As horrible as the world may sound at times there are decent people who like putting in the hard work to develop for, document and assist in the use of Linux with little or no praise. In Linus Torvalds book "Just for Fun" (might be good to read for your report) he talks about how surprising the interest was, even initially, in linux. People want to see other people succeed and want to help in anyway they can. I'm still fairly new to Linux but I feel a sense of joy and over all accomplishment when I help someone fix a problem that I've had. And it's also nice to know that there are people who are willing to help me.
People may be initially attracted to Linux for various reasons like grievences with Windows, Having old hardware they want to use, some odd ball project, but in the end the result is pretty much the same. They got help and want to help other people.
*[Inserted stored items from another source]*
Lemma rgnat_degen_preserving_rgpair : rgnat_degen_preserving Q rgprod rgpair.
Proof.
rewrite /rgnat_degen_preserving /=.
case: Hh0 => h0s [h0t [h0f h0g]].
have [h1s [h1t [h1f h1g]]] := ipair_comp Y1 HP1 dN Hh1.
have epsQ : composable (h1 ⊙ dN) (eps Q) by rewrite /composable h1s (tgt_eps HQ).
have epsP : composable (eps rgprod) (fmor (degen Y) ⊙ h0)
  by rewrite /composable tgt_fmor // h0t (src_eps lax_rgprod).
have tgt_epsP : tgt (r1 Y) ⊙ eps rgprod = ipr P1 ⊙ pair (a1 ⊙ dN) (b1 ⊙ dN)
  by rewrite (tgt_eps lax_rgprod) /=; comp_simpl.
have [epsP_fst epsP_snd] := conj (eps_rgprod_ifst (idc _)) (eps_rgprod_isnd (idc _)).
rewrite !comp1r in epsP_fst epsP_snd.
apply: (iprod_ext Y1 HP1 (a := a1 ⊙ dN) (b := b1 ⊙ dN) (c := dY ⊙ fobj (F0 Q))).
- by rewrite src_icmp // (src_eps HQ).
- by rewrite src_icmp // src_fmor // h0s.
- by rewrite tgt_icmp.
- by rewrite tgt_icmp.
- rewrite (icmpA Y1); [by rewrite /composable (src_ifst HP1) h1t | done |].
  rewrite h1f; case: Hq1 => _ [_ ->].
  rewrite (icmpA Y1); [by rewrite /composable (src_ifst HP1) tgt_epsP | done |].
  rewrite epsP_fst -(icmpA Y1);
    [by rewrite /composable (src_eps HA) tgt_fmor // (tgt_ifst HP0) pair_pi1
    | by rewrite /composable src_fmor // (src_ifst HP0) tgt_fmor // h0t |].
  by rewrite -fmor_icmp ?h0f // /composable (src_ifst HP0) h0t.
- rewrite (icmpA Y1); [by rewrite /composable (src_isnd HP1) h1t | done |].
  rewrite h1g; case: Hq2 => _ [_ ->].
  rewrite (icmpA Y1); [by rewrite /composable (src_isnd HP1) tgt_epsP | done |].
  rewrite epsP_snd -(icmpA Y1);
    [by rewrite /composable (src_eps HB) tgt_fmor // (tgt_isnd HP0) pair_pi2
    | by rewrite /composable src_fmor // (src_isnd HP0) tgt_fmor // h0t |].
  by rewrite -fmor_icmp ?h0g // /composable (src_isnd HP0) h0t.
Qed.

End Pairing.

Lemma rgprod_is_lax_product : is_lax_product A B rgprod rgfst rgsnd.
Proof.
split; first exact: lax_rgprod.
split; first exact: rg_hom_rgfst.
split; first exact: rg_hom_rgsnd.
move=> Q q1 q2 HQ Hq1 Hq2.
have [[[q10s [q10t _]] [q11s [q11t _]]] _] := Hq1.
have [[[q20s [q20t _]] [q21s [q21t _]]] _] := Hq2.
have [h0 Hh0] := ipair_exists HP0 q10s q10t q20s q20t.
have [h1 Hh1] := ipair_exists HP1 q11s q11t q21s q21t.
exists (rgpair h0 h1); split.
  split; first exact: (is_rgnat_rgpair HQ Hq1 Hq2 Hh0 Hh1).
  split; first exact: (rgnat_face_preserving_rgpair HQ Hq1 Hq2 Hh0 Hh1).
  exact: (rgnat_degen_preserving_rgpair HQ Hq1 Hq2 Hh0 Hh1).
case: Hh0 Hh1 => [h0s [h0t [h0f h0g]]] [h1s [h1t [h1f h1g]]].
split; first by rewrite /rgnat_comp /= h0f h1f; case: (q1).
split; first by rewrite /rgnat_comp /= h0g h1g; case: (q2).
move=> [g0 g1] [[[g0s [g0t _]] [g1s [g1t _]]] _] E1 E2.
move: (f_equal (@eta0 _ _ _) E1) (f_equal (@eta1 _ _ _) E1) => /= E10 E11.
move: (f_equal (@eta0 _ _ _) E2) (f_equal (@eta1 _ _ _) E2) => /= E20 E21.
rewrite /= in g0s g0t g1s g1t.
congr Build_rgnat.
- by apply: (iprod_ext Y0 HP0 g0s h0s g0t h0t); rewrite ?E10 ?E20 ?h0f ?h0g.
- by apply: (iprod_ext Y1 HP1 g1s h1s g1t h1t); rewrite ?E11 ?E21 ?h1f ?h1g.
Qed.

End Product.

End StableProducts.

Section LiftAlongInclusion.
Variables (C : Category) (X M : rgcat C) (I : rgfun M X) (HI : is_rgcat_iso I).
Variables (N : rgcat C) (HdN : is_ifun (degen N)).

Let HX : is_rgcat X. Proof. by case: HI. Qed.
Let HM : is_rgcat M. Proof. by case: HI => _ []. Qed.
Let I0 : is_ifun (F0 I). Proof. by case: HI => _ [_ [[]]]. Qed.
Let I1 : is_ifun (F1 I). Proof. by case: HI => _ [_ [[]]]. Qed.
Let iso_fobj0 : iso_C (fobj (F0 I)). Proof. by case: HI => _ [_ [_ []]]. Qed.
Let iso_fobj1 : iso_C (fobj (F1 I)). Proof. by case: HI => _ [_ [_ [_ []]]]. Qed.
Let monic_fmor0 : monic_C (fmor (F0 I)). Proof. by case: HI => _ [_ [_ [_ [_ []]]]]. Qed.
Let monic_fmor1 : monic_C (fmor (F1 I)). Proof. by case: HI => _ [_ [_ [_ [_ [_ []]]]]]. Qed.
Let I_face s : ifun_eq (ifun_comp (F0 I) (face M s)) (ifun_comp (face X s) (F1 I)).
Proof. by case: HI => _ [_ [_ [_ [_ [_ [_ [H _]]]]]]]. Qed.
Let I_degen : ifun_eq (ifun_comp (F1 I) (degen M)) (ifun_comp (degen X) (F0 I)).
Proof. by case: HI => _ [_ [_ [_ [_ [_ [_ [_ []]]]]]]]. Qed.
Let I_eps : eps I = ida (r1 X) ⊙ fobj (ifun_comp (degen X) (F0 I)).
Proof. by case: HI => _ [_ [_ [_ [_ [_ [_ [_ [_ []]]]]]]]]. Qed.
Let M1_iso : all_iso (r1 M).
Proof. by case: HI => _ [_ [_ [_ [_ [_ [_ [_ [_ [_ []]]]]]]]]]. Qed.

Let I_face_fobj s J (u : hom J _) :
  fobj (F0 I) ⊙ (fobj (face M s) ⊙ u) = fobj (face X s) ⊙ (fobj (F1 I) ⊙ u).
Proof. by case: (I_face s) => /= E _; apply: precomp_eq. Qed.
Let I_face_fmor s J (u : hom J _) :
  fmor (F0 I) ⊙ (fmor (face M s) ⊙ u) = fmor (face X s) ⊙ (fmor (F1 I) ⊙ u).
Proof. by case: (I_face s) => /= _ E; apply: precomp_eq. Qed.
Let I_degen_fobj J (u : hom J _) :
  fobj (F1 I) ⊙ (fobj (degen M) ⊙ u) = fobj (degen X) ⊙ (fobj (F0 I) ⊙ u).
Proof. by case: I_degen => /= E _; apply: precomp_eq. Qed.
Let I_degen_fmor J (u : hom J _) :
  fmor (F1 I) ⊙ (fmor (degen M) ⊙ u) = fmor (degen X) ⊙ (fmor (F0 I) ⊙ u).
Proof. by case: I_degen => /= _ E; apply: precomp_eq. Qed.

Lemma eps_rgfun_comp (F : rgfun N M) :
  src (r1 M) ⊙ eps F = fobj (degen M) ⊙ fobj (F0 F) ->
  eps (rgfun_comp I F) = fmor (F1 I) ⊙ eps F.
Proof.
move=> Fs; rewrite /= I_eps /=; comp_simpl.
by apply: (icmp1r (rgcat_icat1 HX)); rewrite src_fmor // Fs I_degen_fobj.
Qed.

Let degen_comp_I (F : rgfun N M) :
  ifun_comp (degen X) (F0 (rgfun_comp I F)) = ifun_comp (F1 I) (ifun_comp (degen M) (F0 F)).
Proof. by apply: ifun_ext => /=; rewrite ?I_degen_fobj ?I_degen_fmor. Qed.

Let comp_degen_I (F : rgfun N M) :
  ifun_comp (F1 (rgfun_comp I F)) (degen N) = ifun_comp (F1 I) (ifun_comp (F1 F) (degen N)).
Proof. by apply: ifun_ext => /=; rewrite compA_r. Qed.

Lemma lax_rgfun_comp (F : rgfun N M) :
  face_degen_preserving F -> lax_rgfun (rgfun_comp I F).
Proof.
move=> [[F0i F1i] [Fface [[Fnat _] Feps_face]]].
have Feps := eps_rgfun_comp (proj1 Fnat).
split; first by split; apply: is_ifun_comp.
split.
{ move=> s; case: (Fface s) => /= Fface_fobj Fface_fmor; split => /=.
  - by rewrite compA_r -I_face_fobj Fface_fobj; comp_simpl.
  - by rewrite compA_r -I_face_fmor Fface_fmor; comp_simpl. }
split; last by move=> s; rewrite Feps -I_face_fmor Feps_face (fmor_ida I0).
rewrite Feps degen_comp_I comp_degen_I.
apply: is_inat_whiskerl => //; apply: is_ifun_comp => //.
exact: (rgcat_degen HM).
Qed.

Lemma lies_in_eps_rgfun_comp (F : rgfun N M) : face_degen_preserving F ->
  lies_in (F1 I) (eps (rgfun_comp I F)).
Proof. by move=> [_ [_ [[[Fs _] _] _]]]; exists (eps F); rewrite eps_rgfun_comp. Qed.

Lemma face_degen_preserving_of_comp (F : rgfun N M) :
  src (r1 M) ⊙ eps F = fobj (degen M) ⊙ fobj (F0 F) -> lax_rgfun (rgfun_comp I F) ->
  face_degen_preserving F.
Proof.
move=> Fs [[IF0 IF1] [IFface [IFnat IFeps_face]]].
have F0i := is_ifun_of_comp I0 iso_fobj0 monic_fmor0 IF0.
have F1i := is_ifun_of_comp I1 iso_fobj1 monic_fmor1 IF1.
split; first by split.
split.
{ move=> s; case: (IFface s) => /= IFface_fobj IFface_fmor; split => /=.
  - by apply: (iso_C_monic iso_fobj0); rewrite I_face_fobj IFface_fobj compA_r.
  - by apply: monic_fmor0; rewrite I_face_fmor IFface_fmor compA_r. }
rewrite (eps_rgfun_comp Fs) in IFnat IFeps_face.
have Fnat : is_inat (ifun_comp (degen M) (F0 F)) (ifun_comp (F1 F) (degen N)) (eps F).
{ apply: (is_inat_of_whiskerl I1 iso_fobj1 monic_fmor1).
  - exact: is_ifun_comp (rgcat_degen HM) F0i.
  - exact: is_ifun_comp F1i HdN.
  - by rewrite -degen_comp_I -comp_degen_I. }
split; last by move=> s; apply: monic_fmor0; rewrite I_face_fmor IFeps_face (fmor_ida I0).
split; first exact: Fnat.
have [g [gs [gt [ge eg]]]] := M1_iso (eps F).
case: (Fnat) => /= Fs' [Ft _]; rewrite Fs' in gt ge; rewrite Ft in gs eg.
exists g; split; last by split.
apply: (is_inat_inverse (rgcat_icat1 HM) _ _ Fnat) => //.
- exact: is_ifun_comp (rgcat_degen HM) F0i.
- exact: is_ifun_comp F1i HdN.
Qed.

Lemma lax_rgfun_lift (F : rgfun N X) : lax_rgfun F ->
  lies_in (F0 I) (fmor (F0 F)) -> lies_in (F1 I) (fmor (F1 F)) -> lies_in (F1 I) (eps F) ->
  exists G : rgfun N M, face_degen_preserving G /\ rgfun_comp I G = F.
Proof.
move=> HF [k0 Hk0] [k1 Hk1] [ke Hke].
have [inv0 [_ Hinv0]] := iso_fobj0.
have [inv1 [_ Hinv1]] := iso_fobj1.
have inv0K J (u : hom J _) : fobj (F0 I) ⊙ (inv0 ⊙ u) = u by rewrite compA Hinv0 comp1l.
have inv1K J (u : hom J _) : fobj (F1 I) ⊙ (inv1 ⊙ u) = u by rewrite compA Hinv1 comp1l.
pose G : rgfun N M := {| F0 := Build_ifun (inv0 ⊙ fobj (F0 F)) k0;
                         F1 := Build_ifun (inv1 ⊙ fobj (F1 F)) k1; eps := ke |}.
have Gs : src (r1 M) ⊙ eps G = fobj (degen M) ⊙ fobj (F0 G).
  by apply: (iso_C_monic iso_fobj1); rewrite -src_fmor // Hke (src_eps HF) I_degen_fobj inv0K.
have IG : rgfun_comp I G = F.
  by apply: rgfun_ext; [apply: ifun_ext; rewrite /= ?inv0K | apply: ifun_ext; rewrite /= ?inv1K
                       | rewrite eps_rgfun_comp].
exists G; split; last exact: IG.
by apply: face_degen_preserving_of_comp; rewrite ?IG.
Qed.

End LiftAlongInclusion.

Section LiftedProduct.
Variables (C : Category) (X M : rgcat C) (I : rgfun M X).
Variables (P0 : iprod_data (r0 X)) (P1 : iprod_data (r1 X)).
Hypotheses (HI : is_rgcat_iso I) (HS : stable_products I P0 P1).
Variables (N : rgcat C) (HdN : is_ifun (degen N)).

Lemma lift_lax_product (A B : rgfun N M) :
  face_degen_preserving A -> face_degen_preserving B ->
  exists P p1 p2, face_degen_preserving P /\
    is_lax_product (rgfun_comp I A) (rgfun_comp I B) (rgfun_comp I P) p1 p2.
Proof.
move=> HA HB.
have [HP0 [HP1 [lies_in_prod0 [lies_in_prod1 [Hface Hdegen]]]]] := HS.
have [HX [_ [[_ I1] [_ [iso_fobj1 _]]]]] := HI.
have laxA := lax_rgfun_comp HI HdN HA.
have laxB := lax_rgfun_comp HI HdN HB.
have [Pm0 HPm0] := iprod_mor_exists (rgcat_icat0 HX) HP0
  (fmor (F0 (rgfun_comp I A))) (fmor (F0 (rgfun_comp I B))).
have [Pm1 HPm1] := iprod_mor_exists (rgcat_icat1 HX) HP1
  (fmor (F1 (rgfun_comp I A))) (fmor (F1 (rgfun_comp I B))).
have [eta Heta] := degen_comparison_exists HX HP0 HP1
  (fobj (F0 (rgfun_comp I A))) (fobj (F0 (rgfun_comp I B))).
have [Em HEm] := iprod_mor_exists (rgcat_icat1 HX) HP1
  (eps (rgfun_comp I A)) (eps (rgfun_comp I B)).
have prodX := rgprod_is_lax_product HX HP0 HP1
  (fun s => proj1 (Hface s)) (fun s => proj2 (Hface s)) HdN laxA laxB HPm0 HPm1 Heta HEm.
have lift0 : lies_in (F0 I) Pm0 by apply: (lies_in_prod0 _ _ _ _ _ _ HPm0); eexists.
have lift1 : lies_in (F1 I) Pm1 by apply: (lies_in_prod1 _ _ _ _ _ _ HPm1); eexists.
have lift_eps : lies_in (F1 I) (icmp Em eta).
{ apply: (lies_in_icmp I1 iso_fobj1 _ _ (composable_Em_eta laxA laxB Heta HEm)).
  - apply: (lies_in_prod1 _ _ _ _ _ _ HEm).
    + exact (lies_in_eps_rgfun_comp HI HA).
    + exact (lies_in_eps_rgfun_comp HI HB).
  - by case: Heta => Es [Et [E1 E2]]; case: (Hdegen _ _ _ _ Es Et E1 E2). }
have [P [HP IP]] := lax_rgfun_lift HI HdN (proj1 prodX) lift0 lift1 lift_eps.
by exists P, (rgfst P0 P1 (rgfun_comp I A) (rgfun_comp I B)),
  (rgsnd P0 P1 (rgfun_comp I A) (rgfun_comp I B)); rewrite IP.
Qed.

End LiftedProduct.

Theorem lemma46 (C : Category) (X M : rgcat C) (I : rgfun M X)
    (P0 : iprod_data (r0 X)) (P1 : iprod_data (r1 X)) :
  is_rgcat_iso I -> stable_products I P0 P1 ->
  forall n : nat, MnM_has_products I n.
Proof.
move=> HI HS n A B HA HB.
have [_ [HM _]] := HI.
have HdN : is_ifun (degen (pow_rgcat n M)) := is_ifun_pow (rgcat_degen HM) n.
have [P [p1 [p2 [HP [_ [Hp1 [Hp2 univ]]]]]]] := lift_lax_product HI HS HdN HA HB.
exists P, p1, p2; do 3 (split; first done).
by move=> Q q1 q2 HQ; exact: univ (lax_rgfun_comp HI HdN HQ).
Qed.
dawg76; um interesting quest! my 2 cents; after reading Linus Tovald start from univ student to entrpenuer extraordiner along with fellow students,
that started such a following and powerful but openess that begun a wave of followers unpretensiuosness.
You now have all these multitude of operating systems that have users from all over the world calmering to use with out restain from corporate greed. it has
the 1 world largest corp. , rethinking its
stance. suggest reading the beginings of L. Tovald and how it has affected the pc world. no suggestions other than the
excerts from most linux texts that have references of that.